> [EXERCISE DIRECTIONS]: Please repeat, from the entries that follow, the lines from the one containing "move=> v; split => [fin_v|inf_v]." through the one containing "(forall n, hist v0 t n = hist v0 s n) ->" exactly, adding nothing.

> [SOURCE RECORDS]:
▼▼▼

Lemma val_le_raw_payoff :
  (forall k, own (play v0 t (m + k)) = p ->
     t (hist v0 t (m + k)) = vmax (play v0 t (m + k))) ->
  ER_le (Fin (val (play v0 t m))) (raw_payoff p t).
Proof.
move=> follows_vmax; have [_ [_ opt]] := optimal.
set u := play v0 t m; set t' := residual t (hist v0 t m).
rewrite (raw_payoff_residual p t m) -/u -/t'.
rewrite (@play_eq _ u t' (combine u p (fun h => vmax (last u h)) t')).
  exact: (opt _).1 (strategy_residual profile_t).
move=> k; rewrite /combine; case: ifP => // /eqP.
rewrite -/(play _ _ k) play_residual /t' /u residual_hist; exact: follows_vmax.
Qed.

Lemma raw_payoff_le_val :
  (forall k, own (play v0 t (m + k)) != p ->
     t (hist v0 t (m + k)) = vmin (play v0 t (m + k))) ->
  ER_le (raw_payoff p t) (Fin (val (play v0 t m))).
Proof.
move=> follows_vmin; have [_ [_ opt]] := optimal.
set u := play v0 t m; set t' := residual t (hist v0 t m).
rewrite (raw_payoff_residual p t m) -/u -/t'.
rewrite (@play_eq _ u t' (combine u p t' (fun h => vmin (last u h)))).
  exact: (opt _).2 (strategy_residual profile_t).
move=> k; rewrite /combine; case: ifP => // /negbT.
rewrite -/(play _ _ k) play_residual /t' /u residual_hist; exact: follows_vmin.
Qed.

End ZeroSumValue.

End MeanPayoff.

Section Frequencies.
Variable A : arena.
Local Notation V := (Vt A).
Local Notation P := (Pl A).
Local Notation E := (@Ed A).
Local Notation r := (@rew A).

Variable pi : nat -> V.
Hypothesis edge_pi : forall i, E (pi i) (pi i.+1).
Variable pe : V -> V -> R.
Hypothesis cv_pe : forall u w, E u w -> Un_cv (freq pi u w) (pe u w).

Lemma freq_lim_ge0 u w : E u w -> (0 <= pe u w)%R.
Proof.
move=> Euw; apply: (Rle_cv_lim _ (Un_cv_const 0) (cv_pe Euw)) => n.
exact: INR_div_succ_ge0.
Qed.

Lemma not_occurs_inf_bound v : ~ occurs_inf pi v -> exists N, forall i, pi i = v -> (i < N)%N.
Proof.
move=> /not_all_ex_not [N not_after]; exists N => i pi_v; rewrite ltnNge.
by apply/negP => le_Ni; apply: not_after; exists i.
Qed.

Lemma freq_lim_eq0 u w :
  E u w -> ~ (occurs_inf pi u /\ occurs_inf pi w) -> pe u w = 0%R.
Proof.
move=> Euw not_inf; apply: (UL_sequence _ _ _ (cv_pe Euw)).
have [N bound] : exists N, forall i, (pi i == u) && (pi i.+1 == w) -> (i < N)%N.
  case: (classic (occurs_inf pi u)) => [inf_u|/not_occurs_inf_bound [N bound]].
    have [|N bound] := @not_occurs_inf_bound w; first by move=> inf_w; apply: not_inf.
    by exists N => i /andP[_ /eqP /bound /ltnW].
  by exists N => i /andP[/eqP /bound].
exact: Un_cv_count_bounded bound.
Qed.

Lemma freq_out_sum v n :
  \big[Rplus/0%R]_(w | E v w) freq pi v w n =
  (INR (count (fun i => pi i == v) (iota 0 n.+1)) / INR n.+1)%R.
Proof.
rewrite /freq /Rdiv -big_Rmult_r -big_count_1.
rewrite -(@big_count_fibres _ _ (E v) (fun i => pi i.+1) (fun i => pi i == v) _ (fun _ => 1%R));
  last by move=> i /eqP <-.
by congr (_ * _)%R; apply: eq_bigr => w _; rewrite Rmult_1_r.
Qed.

Lemma freq_in_sum v n :
  \big[Rplus/0%R]_(u | E u v) freq pi u v n =
  (INR (count (fun i => pi i.+1 == v) (iota 0 n.+1)) / INR n.+1)%R.
Proof.
rewrite /freq /Rdiv -big_Rmult_r -big_count_1.
rewrite -(@big_count_fibres _ _ (fun u => E u v) pi (fun i => pi i.+1 == v) _ (fun _ => 1%R));
  last by move=> i /eqP <-.
congr (_ * _)%R; apply: eq_bigr => u _; rewrite Rmult_1_r.
by congr INR; apply: eq_count => i; rewrite andbC.
Qed.

Lemma count_visits_arrivals v n :
  (Rabs (INR (count (fun i => pi i == v) (iota 0 n.+1)) -
         INR (count (fun i => pi i.+1 == v) (iota 0 n.+1))) <= 1)%R.
Proof.
have count_succ (a : pred nat) m k : count (fun i => a i.+1) (iota m k) = count a (iota m.+1 k).
  by elim: k m => [//|k IH] m /=; rewrite IH.
have visits : count (fun i => pi i == v) (iota 0 n.+1) =
              ((pi 0%N == v) + count (fun i => pi i == v) (iota 1 n))%N by [].
have arrivals : count (fun i => pi i.+1 == v) (iota 0 n.+1) =
                (count (fun i => pi i == v) (iota 1 n) + (pi n.+1 == v))%N.
  by rewrite (count_succ (fun i => pi i == v)) -(addn1 n) iotaD count_cat /= addn0 add1n addn1.
rewrite visits arrivals !plus_INR.
by case: (pi 0%N == v); case: (pi n.+1 == v); apply: Rabs_le; simpl INR; lra.
Qed.

Lemma Un_cv_freq_out v :
  Un_cv (fun n => \big[Rplus/0%R]_(w | E v w) freq pi v w n) (vertex_weight pe v).
Proof. by apply: Un_cv_big => w; exact: cv_pe. Qed.

Lemma vertex_weight_inflow v : vertex_weight pe v = \big[Rplus/0%R]_(u | E u v) pe u v.
Proof.
have cv_in : Un_cv (fun n => \big[Rplus/0%R]_(u | E u v) freq pi u v n)
                   (\big[Rplus/0%R]_(u | E u v) pe u v).
  by apply: Un_cv_big => u; exact: cv_pe.
have cv_diff := CV_minus _ _ _ _ (Un_cv_freq_out v) cv_in.
suff cv0 : Un_cv (fun n => \big[Rplus/0%R]_(w | E v w) freq pi v w n -
                           \big[Rplus/0%R]_(u | E u v) freq pi u v n)%R 0.
  by have := UL_sequence _ _ _ cv_diff cv0; lra.
apply: (@Un_cv_O_div_succ _ 1 0) => n _.
rewrite freq_out_sum freq_in_sum -Rdiv_minus_distr Rabs_div_succ.
apply: Rmult_le_compat_r; last exact: count_visits_arrivals.
exact/Rlt_le/Rinv_0_lt_compat/INR_succ_gt0.
Qed.

Lemma vertex_weight_sum1 : \big[Rplus/0%R]_(v : V) vertex_weight pe v = 1%R.
Proof.
apply: (UL_sequence _ _ _
          (@Un_cv_big _ (index_enum V) (fun _ => true) _ _ (fun v _ => Un_cv_freq_out v))).
apply: (Un_cv_ext (fun _ => 1%R)); last exact: Un_cv_const.
move=> n; under eq_bigr do rewrite freq_out_sum.
rewrite -big_Rmult_r.
have -> : \big[Rplus/0%R]_(v : V) INR (count (fun i => pi i == v) (iota 0 n.+1)) = INR n.+1.
  have := @big_count_fibres _ _ predT pi predT (iota 0 n.+1) (fun _ => 1%R) (fun _ _ => isT).
  rewrite big_count_1 count_predT size_iota => <-.
  by apply: eq_bigr => w _; rewrite Rmult_1_r.
by rewrite Rinv_r //; apply: not_0_INR.
Qed.

Lemma sat_LP_freq (val : P -> V -> R) (g : P -> R) :
  (forall p, follower p ->
     (0 <= g p)%R /\
     forall v, occurs pi v ->
       (val p v <= g p + \big[Rplus/0%R]_(x : V * V | E x.1 x.2)
                            (pe x.1 x.2 * Q2R (r p x.1 x.2)))%R) ->
  sat_LP val (occurs pi) (occurs_inf pi) (vertex_weight pe) pe g.
Proof.
move=> incentive_constraints.
split.
  move=> v; split => [fin_v|inf_v].
    by rewrite /vertex_weight big1 // => w Evw; apply: freq_lim_eq0 => // -[].
  by apply: Rle_0_big => w; exact: freq_lim_ge0.
split.
  by move=> u w Euw; split => [|_]; [exact: freq_lim_eq0 | exact: freq_lim_ge0].
split; first exact: vertex_weight_sum1.
split; first by [].
by split; last exact: incentive_constraints; move=> v _; exact: vertex_weight_inflow.
Qed.

End Frequencies.

Section IncentiveStrategyProfiles.
Variable A : arena.
Local Notation V := (Vt A).
Local Notation P := (Pl A).
Local Notation E := (@Ed A).
Local Notation own := (@owner A).
Local Notation v0 := (init A).
Local Notation r := (@rew A).

Lemma ER_le_refl x : ER_le x x.
Proof. by case: x => //= x; exact: Rle_refl. Qed.

Lemma inc_value_const (gamma : P -> seq V -> R) p (s : seq V -> V) c :
  (forall n, gamma p (hist v0 s n) = c) -> inc_value gamma p s = Fin c.
Proof. by move=> gamma_c; apply: liminf_avg_const => i; exact: gamma_c. Qed.

Lemma deviate_profile (s s2 : seq V -> V) p :
  profile s -> strategy_of p s2 -> profile (deviate s p s2).
Proof.
move=> profile_s s2_p h path_h _; rewrite /deviate.
by case: eqP => [own_p|_]; [apply: s2_p => //; exact/eqP | exact: profile_s].
Qed.

Lemma deviate_off (s s2 : seq V -> V) p h :
  own (last v0 h) != p -> deviate s p s2 h = s h.
Proof. by rewrite /deviate => /negbTE ->. Qed.

Lemma payoffs_hist_eq (gamma : P -> seq V -> R) p (s t : seq V -> V) :
  (forall n, hist v0 t n = hist v0 s n) ->
  raw_payoff p t = raw_payoff p s /\ inc_value gamma p t = inc_value gamma p s.
Proof.
move=> hist_ts; have play_ts : play v0 t = play v0 s.
  by apply: functional_extensionality => n; rewrite /play hist_ts.
rewrite /raw_payoff /inc_value play_ts; split => //.
by congr (liminf (avg _)); apply: functional_extensionality => i; rewrite hist_ts.
Qed.

Variables (val : P -> V -> R) (tmax tmin : P -> V -> V).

▲▲▲

> [COMPLETED EXERCISE]:
  move=> v; split => [fin_v|inf_v].
    by rewrite /vertex_weight big1 // => w Evw; apply: freq_lim_eq0 => // -[].
  by apply: Rle_0_big => w; exact: freq_lim_ge0.
split.
  by move=> u w Euw; split => [|_]; [exact: freq_lim_eq0 | exact: freq_lim_ge0].
split; first exact: vertex_weight_sum1.
split; first by [].
by split; last exact: incentive_constraints; move=> v _; exact: vertex_weight_inflow.
Qed.

End Frequencies.

Section IncentiveStrategyProfiles.
Variable A : arena.
Local Notation V := (Vt A).
Local Notation P := (Pl A).
Local Notation E := (@Ed A).
Local Notation own := (@owner A).
Local Notation v0 := (init A).
Local Notation r := (@rew A).

Lemma ER_le_refl x : ER_le x x.
Proof. by case: x => //= x; exact: Rle_refl. Qed.

Lemma inc_value_const (gamma : P -> seq V -> R) p (s : seq V -> V) c :
  (forall n, gamma p (hist v0 s n) = c) -> inc_value gamma p s = Fin c.
Proof. by move=> gamma_c; apply: liminf_avg_const => i; exact: gamma_c. Qed.

Lemma deviate_profile (s s2 : seq V -> V) p :
  profile s -> strategy_of p s2 -> profile (deviate s p s2).
Proof.
move=> profile_s s2_p h path_h _; rewrite /deviate.
by case: eqP => [own_p|_]; [apply: s2_p => //; exact/eqP | exact: profile_s].
Qed.

Lemma deviate_off (s s2 : seq V -> V) p h :
  own (last v0 h) != p -> deviate s p s2 h = s h.
Proof. by rewrite /deviate => /negbTE ->. Qed.

Lemma payoffs_hist_eq (gamma : P -> seq V -> R) p (s t : seq V -> V) :
  (forall n, hist v0 t n = hist v0 s n) ->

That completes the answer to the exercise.